Re: Fast (intelligent) raid1

"Peter T. Breuer" <ptb@it.uc3m.es> · Mon, 17 Feb 2003 14:17:01 +0100 (MET)

Hi!

"A month of sundays ago Neil Brown wrote:"
> Rather than having several bitmaps, have just one.  Normally it is
> full of zero and isn't touched.

I'm having a little trouble interpreting your suggestion, so I'll work
through it here, and you can maybe correct my understanding.

In the first place, I can say that having ONE bitmap per raid composite
device is OK with me and probably is a worthwhile simplification over
having ONE per mirror component, since the normal case will be a two
component mirror and a mark on the bitmap will indicate unambiguously
where the fault is if the mirror is operational at all.

Or will it .. while the mirror is resyncing there may be a doubt. But
then it's currently subject to some imprecisions at that stage, since
a fault from a normal write while a resync is going on will be marked
but the mark will be lost when the bitmap is cleared at the end of the
resync (this is a bug - I'm not sure how the raid code itself reacts
in this situation since there are races here).

Nevertheless the principle is sound.
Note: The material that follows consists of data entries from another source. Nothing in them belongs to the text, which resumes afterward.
(* Widen every mask to the common support [-M, M], M = max N N*.  Since both
   schemes reproduce constants, the even and odd sums of each mask agree, so the
   difference masks are again supported in [-M, M] and are bounded by, resp.
   Lipschitz in, the sup-norm of the masks.  A telescoping estimate then shows
   that the n-fold products of the two difference schemes differ by O(eps) on
   the unit ball of l^oo once ||a^[k] - a*^[k]|| <= eps, so the contraction
   factor c < 1 of the starred scheme survives as (1 + c) / 2. *)
From Stdlib Require Import Reals ZArith Lra Lia.
Open Scope R_scope.

Lemma zsum_len_ext lo n f g :
  (forall t, (lo <= t < lo + Z.of_nat n)%Z -> f t = g t) ->
  zsum_len lo n f = zsum_len lo n g.
Proof.
  revert lo; induction n as [|n IH]; intros lo H; simpl; auto.
  rewrite H by lia. f_equal. apply IH. intros t Ht; apply H; lia.
Qed.

Lemma zsum_len_app lo n1 n2 f :
  zsum_len lo (n1 + n2) f = zsum_len lo n1 f + zsum_len (lo + Z.of_nat n1) n2 f.
Proof.
  revert lo; induction n1 as [|n1 IH]; intros lo; simpl.
  - replace (lo + 0)%Z with lo by lia. lra.
  - rewrite IH. replace (lo + 1 + Z.of_nat n1)%Z with (lo + Z.pos (Pos.of_succ_nat n1))%Z by lia.
    lra.
Qed.

Lemma zsum_len_eq0 lo n f :
  (forall t, (lo <= t < lo + Z.of_nat n)%Z -> f t = 0) -> zsum_len lo n f = 0.
Proof.
  intros H; rewrite (zsum_len_ext lo n f (fun _ => 0)) by auto.
  clear H; revert lo; induction n as [|n IH]; intros lo; simpl; [lra|].
  rewrite IH; lra.
Qed.

Lemma zsum_len_abs_le lo n f B :
  (forall t, Rabs (f t) <= B) -> Rabs (zsum_len lo n f) <= INR n * B.
Proof.
  intros H; revert lo; induction n as [|n IH]; intros lo; simpl.
  - rewrite Rabs_R0; lra.
  - eapply Rle_trans; [apply Rabs_triang|].
    specialize (IH (lo + 1)%Z); specialize (H lo). destruct n; simpl in *; lra.
Qed.

Lemma zsum_len_term lo n f t :
  (forall s, 0 <= f s) -> (lo <= t < lo + Z.of_nat n)%Z -> f t <= zsum_len lo n f.
Proof.
  intros H; revert lo; induction n as [|n IH]; intros lo Ht; simpl; [lia|].
  destruct (Z.eq_dec t lo) as [->|Hne].
  - enough (0 <= zsum_len (lo + 1) n f) by lra.
    clear IH Ht; revert lo; induction n as [|n IH]; intros lo; simpl; [lra|].
    specialize (H (lo + 1)%Z); specialize (IH (lo + 1)%Z); lra.
  - specialize (IH (lo + 1)%Z ltac:(lia)); specialize (H lo); lra.
Qed.

Lemma zsum_ext lo hi f g :
  (forall t, (lo <= t <= hi)%Z -> f t = g t) -> zsum lo hi f = zsum lo hi g.
Proof. intros H; apply zsum_len_ext; intros t Ht; apply H; lia. Qed.

Lemma zsum_sub lo hi f g :
  zsum lo hi (fun t => f t - g t) = zsum lo hi f - zsum lo hi g.
Proof.
  unfold zsum; generalize (Z.to_nat (hi - lo + 1)) as n; intros n.
  revert lo; induction n as [|n IH]; intros lo; simpl; [lra|]. rewrite IH; lra.
Qed.

Lemma zsum_add lo hi f g :
  zsum lo hi (fun t => f t + g t) = zsum lo hi f + zsum lo hi g.
Proof.
  unfold zsum; generalize (Z.to_nat (hi - lo + 1)) as n; intros n.
  revert lo; induction n as [|n IH]; intros lo; simpl; [lra|]. rewrite IH; lra.
Qed.

Lemma zsum_scal lo hi c f :
  zsum lo hi (fun t => c * f t) = c * zsum lo hi f.
Proof.
  unfold zsum; generalize (Z.to_nat (hi - lo + 1)) as n; intros n.
  revert lo; induction n as [|n IH]; intros lo; simpl; [lra|]. rewrite IH; lra.
Qed.

Lemma zsum_narrow lo hi a b f : (lo <= a)%Z -> (b <= hi)%Z ->
  (forall t, (lo <= t <= hi)%Z -> ~ (a <= t <= b)%Z -> f t = 0) ->
  zsum lo hi f = zsum a b f.
Proof.
  intros Hlo Hhi H; unfold zsum.
  destruct (Z_le_gt_dec a b).
  - replace (Z.to_nat (hi - lo + 1))
      with ((Z.to_nat (a - lo) + Z.to_nat (b - a + 1)) + Z.to_nat (hi - b))%nat by lia.
    rewrite !zsum_len_app, (zsum_len_eq0 lo), (zsum_len_eq0 (_ + _)%Z (Z.to_nat (hi - b))).
    + replace (lo + Z.of_nat (Z.to_nat (a - lo)))%Z with a by lia. lra.
    + intros t Ht; apply H; lia.
    + intros t Ht; apply H; lia.
  - replace (Z.to_nat (b - a + 1)) with O by lia.
    apply zsum_len_eq0; intros t Ht; apply H; lia.
Qed.

Lemma zsum_abs_le lo hi f B :
  (forall t, Rabs (f t) <= B) -> Rabs (zsum lo hi f) <= INR (Z.to_nat (hi - lo + 1)) * B.
Proof. apply zsum_len_abs_le. Qed.

Lemma zsum_term lo hi f t :
  (forall s, 0 <= f s) -> (lo <= t <= hi)%Z -> f t <= zsum lo hi f.
Proof. intros H Ht; apply zsum_len_term; auto; lia. Qed.

Lemma Rabs_le_nonneg (f : Z -> R) B : (forall t, Rabs (f t) <= B) -> 0 <= B.
Proof. intros H; pose proof (Rabs_pos (f 0%Z)); specialize (H 0%Z); lra. Qed.

Lemma INR_mul_le n m B : (n <= m)%nat -> 0 <= B -> INR n * B <= INR m * B.
Proof. intros; apply Rmult_le_compat_r; auto; apply le_INR; auto. Qed.

Definition supported_in (N : nat) (m : Z -> R) : Prop :=
  forall l, (Z.abs l > Z.of_nat N)%Z -> m l = 0.

Definition even_sum (N : nat) (m : Z -> R) : R :=
  zsum (- Z.of_nat N) (Z.of_nat N) (fun l => if Z.even l then m l else 0).
Definition odd_sum (N : nat) (m : Z -> R) : R :=
  zsum (- Z.of_nat N) (Z.of_nat N) (fun l => if Z.even l then 0 else m l).

Lemma reproduces_constants_balanced N a k :
  reproduces_constants N a -> even_sum N (a k) = odd_sum N (a k).
Proof. intros H; destruct (H k) as [He Ho]; unfold even_sum, odd_sum; congruence. Qed.

Lemma Rabs_le_mask_opnorm N m l : supported_in N m -> Rabs (m l) <= mask_opnorm N m.
Proof.
  intros Hm; unfold mask_opnorm.
  pose proof (Rmax_l (even_abs_sum N m) (odd_abs_sum N m)).
  pose proof (Rmax_r (even_abs_sum N m) (odd_abs_sum N m)).
  assert (He : forall s, 0 <= (if Z.even s then Rabs (m s) else 0))
    by (intros s; destruct (Z.even s); [apply Rabs_pos | lra]).
  assert (Ho : forall s, 0 <= (if Z.even s then 0 else Rabs (m s)))
    by (intros s; destruct (Z.even s); [lra | apply Rabs_pos]).
  destruct (Z_le_gt_dec (Z.abs l) (Z.of_nat N)).
  - pose proof (zsum_term (- Z.of_nat N) (Z.of_nat N) _ l He ltac:(lia)).
    pose proof (zsum_term (- Z.of_nat N) (Z.of_nat N) _ l Ho ltac:(lia)).
    unfold even_abs_sum, odd_abs_sum in *. destruct (Z.even l); lra.
  - rewrite Hm, Rabs_R0 by lia.
    pose proof (zsum_term (- Z.of_nat N) (Z.of_nat N) _ 0%Z He ltac:(lia)) as Hterm0.
    pose proof (Rabs_pos (m 0%Z)); unfold even_abs_sum in *; cbn in Hterm0; lra.
Qed.

Lemma sub_op_ext M q q' g g' i :
  (forall l, q l = q' l) -> (forall j, g j = g' j) -> sub_op M q g i = sub_op M q' g' i.
Proof. intros Hq Hg; apply zsum_ext; intros j _; rewrite Hq, Hg; reflexivity. Qed.

Lemma sub_op_widen N M q g i :
  (N <= M)%nat -> supported_in N q -> sub_op N q g i = sub_op M q g i.
Proof.
  intros HNM Hq; unfold sub_op; symmetry.
  assert (Z.of_nat N <= Z.of_nat M)%Z by lia.
  pose proof (Z.div_mod (i - Z.of_nat N) 2 ltac:(lia)).
  pose proof (Z.mod_pos_bound (i - Z.of_nat N) 2 ltac:(lia)).
  pose proof (Z.div_mod (i + Z.of_nat N) 2 ltac:(lia)).
  pose proof (Z.mod_pos_bound (i + Z.of_nat N) 2 ltac:(lia)).
  apply zsum_narrow.
  - apply Z.sub_le_mono_r, Z.div_le_mono; lia.
  - apply Z.add_le_mono_r, Z.div_le_mono; lia.
  - intros t _ Ht; rewrite Hq by lia; lra.
Qed.

Lemma sub_op_window_le M i :
  (Z.to_nat ((i + Z.of_nat M) / 2 + 1 - ((i - Z.of_nat M) / 2 - 1) + 1) <= M + 4)%nat.
Proof.
  pose proof (Z.div_mod (i - Z.of_nat M) 2 ltac:(lia)).
  pose proof (Z.mod_pos_bound (i - Z.of_nat M) 2 ltac:(lia)).
  pose proof (Z.div_mod (i + Z.of_nat M) 2 ltac:(lia)).
  pose proof (Z.mod_pos_bound (i + Z.of_nat M) 2 ltac:(lia)).
  lia.
Qed.

Lemma sub_op_abs_le M q g i Q G :
  (forall l, Rabs (q l) <= Q) -> (forall j, Rabs (g j) <= G) ->
  Rabs (sub_op M q g i) <= (INR M + 4) * Q * G.
Proof.
  intros Hq Hg.
  pose proof (Rabs_le_nonneg q Q Hq); pose proof (Rabs_le_nonneg g G Hg).
  eapply Rle_trans.
  - apply zsum_abs_le with (B := Q * G); intros j.
    rewrite Rabs_mult; apply Rmult_le_compat; auto using Rabs_pos.
  - replace (INR M + 4) with (INR (M + 4)) by (rewrite plus_INR; simpl; lra).
    rewrite Rmult_assoc; apply INR_mul_le; [apply sub_op_window_le | nra].
Qed.

Lemma sub_op_sub M q q' g g' i :
  sub_op M q g i - sub_op M q' g' i =
  sub_op M q (fun j => g j - g' j) i + sub_op M (fun l => q l - q' l) g' i.
Proof.
  unfold sub_op; rewrite <- zsum_sub, <- zsum_add.
  apply zsum_ext; intros j _; ring.
Qed.

Lemma diff_mask_left N m l : (l < - Z.of_nat N)%Z -> diff_mask N m l = 0.
Proof.
  intros H; unfold diff_mask, zsum.
  replace (Z.to_nat (l - - Z.of_nat N + 1)) with O by lia. reflexivity.
Qed.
The mark on the bitmap need only
indicate "something may be wrong", not precisely what is wrong. More
precision implies more efficiency at resync time, but it's a tradeoff.

> When a write fails, or when a write is sent to some-but-not-all
> devices, set the relevant bit in the bitmap.

This is what is currently done, I believe, subject to my correct
implementation of the code, and correct understanding of the extant
source. Except that presently it's done per component instead of per
array.

I'm not too sure what whole-array structure to attach the bitmap to.
Suggestions welcome.

> The first time you set a bit, record the current 'event' number with
> the bitmap.

Let me clarify here that you are talking of a counter that is
incremented once per request received on the device, and which is
written to the superblock of all the mirror components at the point when
the global bitmap is first dirtied after previously having been clean.

I'd observe that we dirty the bitmap because a component has just
dropped out/failed, and so the register of that counter on the failed
component will stay at zero (or whatever it was), since we can/should no
longer write to it.

It is not quite clear to me if we should write the counter to a device
which is removed while up to date. Let's see ...

> The interpretation of this bit map is 'only the blocks that are
> flagged in this bitmap have changed since event X'.

This is fine by me.

> On hot-add, read the old superblock.  If it looks valid and matches
> the current array, and has an event counter of X or more, then ignore
> blocks that have [not got] their bits set in the bitmap [when]
> reconstructing, otherwise do a full reconstruction.

I have trouble understanding the implications here.  See items in
square brackets also for possible typos that I've "corrected".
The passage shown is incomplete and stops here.